Lemma encodes_blue_offset D u i x y : 1 <= i -> encodes D u ->
  (exists2 b, b \in bblue D &
     b != (1, (bsize D).+1) /\ (x, y) = ((b.1 + i - 1)%N, (b.2 + i - 1)%N)) <->
  tree_arc u i x y.
Proof.
move=> Hi [size_D _ blue_D]; rewrite size_D.
transitivity (tree_arc u (1 + (i - 1)) x y); last by rewrite subnKC.
rewrite tree_arc_shiftP.
split=> [[[x' y'] /blue_D Hb [nb [-> ->]]]|[x' [y' [-> -> arc]]]].
- case: Hb => [[Ex Ey]|arc]; first by rewrite Ex Ey eqxx in nb.
  by exists x', y'; split=> //; lia.
- have := tree_arc_range arc => rng.
  exists (x', y'); first by apply/blue_D; right.
  by split; [apply/eqP; case | congr pair] => /=; lia.
Qed.

Lemma encodes_comp C D t u i : 1 <= i <= arity t -> encodes C t -> encodes D u ->
  encodes (bnc_comp C i D) (graft t i u).
Proof.
move=> Hi encC encD; have [size_C red_C _] := encC; have [size_D red_D _] := encD.
have u_gt0 := arity_gt0 u.
split; first by rewrite /= (arity_graft _ Hi) size_C size_D.
  exact: bnc_comp_red (encodes_base encD) red_C red_D.
move=> x y; rewrite bnc_comp_blue; last exact: encodes_base encD.
rewrite (arity_graft _ Hi) (encodes_blue_offset _ _ _ encD); last by case/andP: Hi.
rewrite size_D (encodes_blue_shift _ _ _ Hi encC) graft_tree_arc //.
have -> : (1 + i - 1 = i)%N by lia.
have -> : ((arity t + arity u - 1).+1 = arity t + arity u)%N by lia.
by rewrite or_assoc.
Qed.

Lemma encodes_unit : encodes bnc_unit Leaf.
Proof.
by split=> // x y; rewrite inE; split=> [/eqP[-> ->]|[[-> ->]|[]]]; first left.
Qed.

━━━━━━━━━━

EXERCISE: Repeat only what lies between the first line of the data and the line containing "Lemma encodes_comp C", both of those lines included, exactly as it stands.

ANSWER AREA:
Lemma encodes_blue_offset D u i x y : 1 <= i -> encodes D u ->
  (exists2 b, b \in bblue D &
     b != (1, (bsize D).+1) /\ (x, y) = ((b.1 + i - 1)%N, (b.2 + i - 1)%N)) <->
  tree_arc u i x y.
Proof.
move=> Hi [size_D _ blue_D]; rewrite size_D.
transitivity (tree_arc u (1 + (i - 1)) x y); last by rewrite subnKC.
rewrite tree_arc_shiftP.
split=> [[[x' y'] /blue_D Hb [nb [-> ->]]]|[x' [y' [-> -> arc]]]].
- case: Hb => [[Ex Ey]|arc]; first by rewrite Ex Ey eqxx in nb.
  by exists x', y'; split=> //; lia.
- have := tree_arc_range arc => rng.
  exists (x', y'); first by apply/blue_D; right.
  by split; [apply/eqP; case | congr pair] => /=; lia.
Qed.

Lemma encodes_comp C D t u i : 1 <= i <= arity t -> encodes C t -> encodes D u ->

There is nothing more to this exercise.